Whatever eVito you choose, you'll find a decent portfolio safety features. Unlike some rivals, Mercedes doesn't make you pay extra for a passenger airbag. And there's an 'Active Brake Assist' autonomous braking system with pedestrian detection. 'Attention Assist', an auto-dipping 'Headlight Assistant', Tyre pressure monitoring, an ESP stability system, Hill start assist and an Adaptive speed limitation function also make the team sheet. As does an emergency call system which alerts the rescue services to your location in the event of an accident.

Practicalities and Costs

The all-electric eVito gets a 3.2-tonne Gross Vehicle Weight as standard and delivers a payload capacity of up to 807kg (including a 75kg driver).

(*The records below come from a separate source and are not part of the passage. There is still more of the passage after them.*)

Theorem mainTheorem9 (R : realType) (a : nat) (C : set 'rV[R]_a)
  (Yin : seq 'rV[R]_a) (delta : R) :
  polyhedral_cone C ->
  Yin != [::] ->
  (forall r, r \in Yin -> C r /\ norm1 r = 1) ->
  0 < delta ->
  (forall d, extreme_point (C `&` B1 (a:=a)) d -> d != 0 ->
     exists2 r, r \in Yin & norm1 (d - r) <= delta) ->
  hausdorff (C `&` B1 (a:=a)) (cone_hull Yin `&` B1 (a:=a)) <= delta.
Proof.
move=> [m [A CE]] _ Yin_prop delta_gt0 Yin_near.
have CB_poly := polyhedral_cone_ballE A; rewrite -CE in CB_poly.
have Yin_sub_C : cone_hull Yin `<=` C.
  by rewrite CE; apply: cone_hull_sub_polyhedral => r /Yin_prop[]; rewrite CE.
have B1_0 : B1 (0 : 'rV[R]_a) by rewrite /B1 /= norm1_0.
apply: hausdorff_le.
- by exists 0; split=> //; apply: Yin_sub_C; exact: cone_hull0.
- by exists 0; split=> //; exact: cone_hull0.
- apply: cone_hull_approx_of_extreme => [x|e e_ext].
    rewrite CB_poly => Px; apply: bounded_polyhedron_extreme_decomposition => //.
    by move=> y; rewrite -CB_poly => -[].
  have [->|e0] := eqVneq e 0.
    by exists 0; [split=> //; exact: cone_hull0 | rewrite subr0 norm1_0 ltW].
  have [r r_in er] := Yin_near e e_ext e0; exists r => //.
  by split; [exact: mem_cone_hull | rewrite /B1 /= (proj2 (Yin_prop r r_in))].
- move=> y [y_cone y_B1]; exists y; first by split=> //; exact: Yin_sub_C.
  by rewrite subrr norm1_0 ltW.
Qed.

It comes in two forms; an L2 variant which gets 6.0m3 of load volume and 2,831mm of length. Or an extra long L3 version, which gives you a spacious 6.6m3 and 3,061mm of loadbay length.

This eVito model's 162 mile range reading is a combined figure. It would rise in urban use, but fall on the motorway. All these eVito mileage stats are based on use of the eVito's balanced drive mode 'E'. There's also a range extending 'E+' drive mode, which is supposed to help facilitate a longer range when combined with an anticipatory driving style. To achieve the quoted results, you'll also need to make proactive use of the various provided brake regeneration modes, principally the two most severe ones 'D' and 'D-'. From a charging point, to replenish the 65kWh battery. Mercedes quotes an 80% recharging time of 35 minutes at a rapid charging point; it's six and a half hours using an 11kW wallbox; or 20 hours from a domestic plug.

You'll also want to know that there's an unlimited mileage three year warranty with 12 years of anti-perforation cover. The electric drive battery pack gets its own warranty, which lasts for 8 years or 99,500 miles. This guarantees that the battery will still have around 70% capacity by the end of this period. Plus you get the unique Mercedes-Benz MobiloVan UK package with offers 24hour roadside assistance cover for up to 30 years, providing you get your vehicle regularly serviced at one of Mercedes' franchised dealers.


In many ways, we like the eVito; it's well made, the media and safety systems are impressive and the carriage capacities remain pretty unaffected by the battery installation. It's hard to ignore that still relatively restricted 162 mile driving range though. If all your business does is low mileage urban deliveries, that may not matter - which is certainly what Mercedes is gambling on with this variant.

Given that the brand already has the battery technology to do much better though, you can expect to see things change quite quickly and if we were choosing, we'd probably hold off until that happens. Those who do take the plunge though may find lots here to like.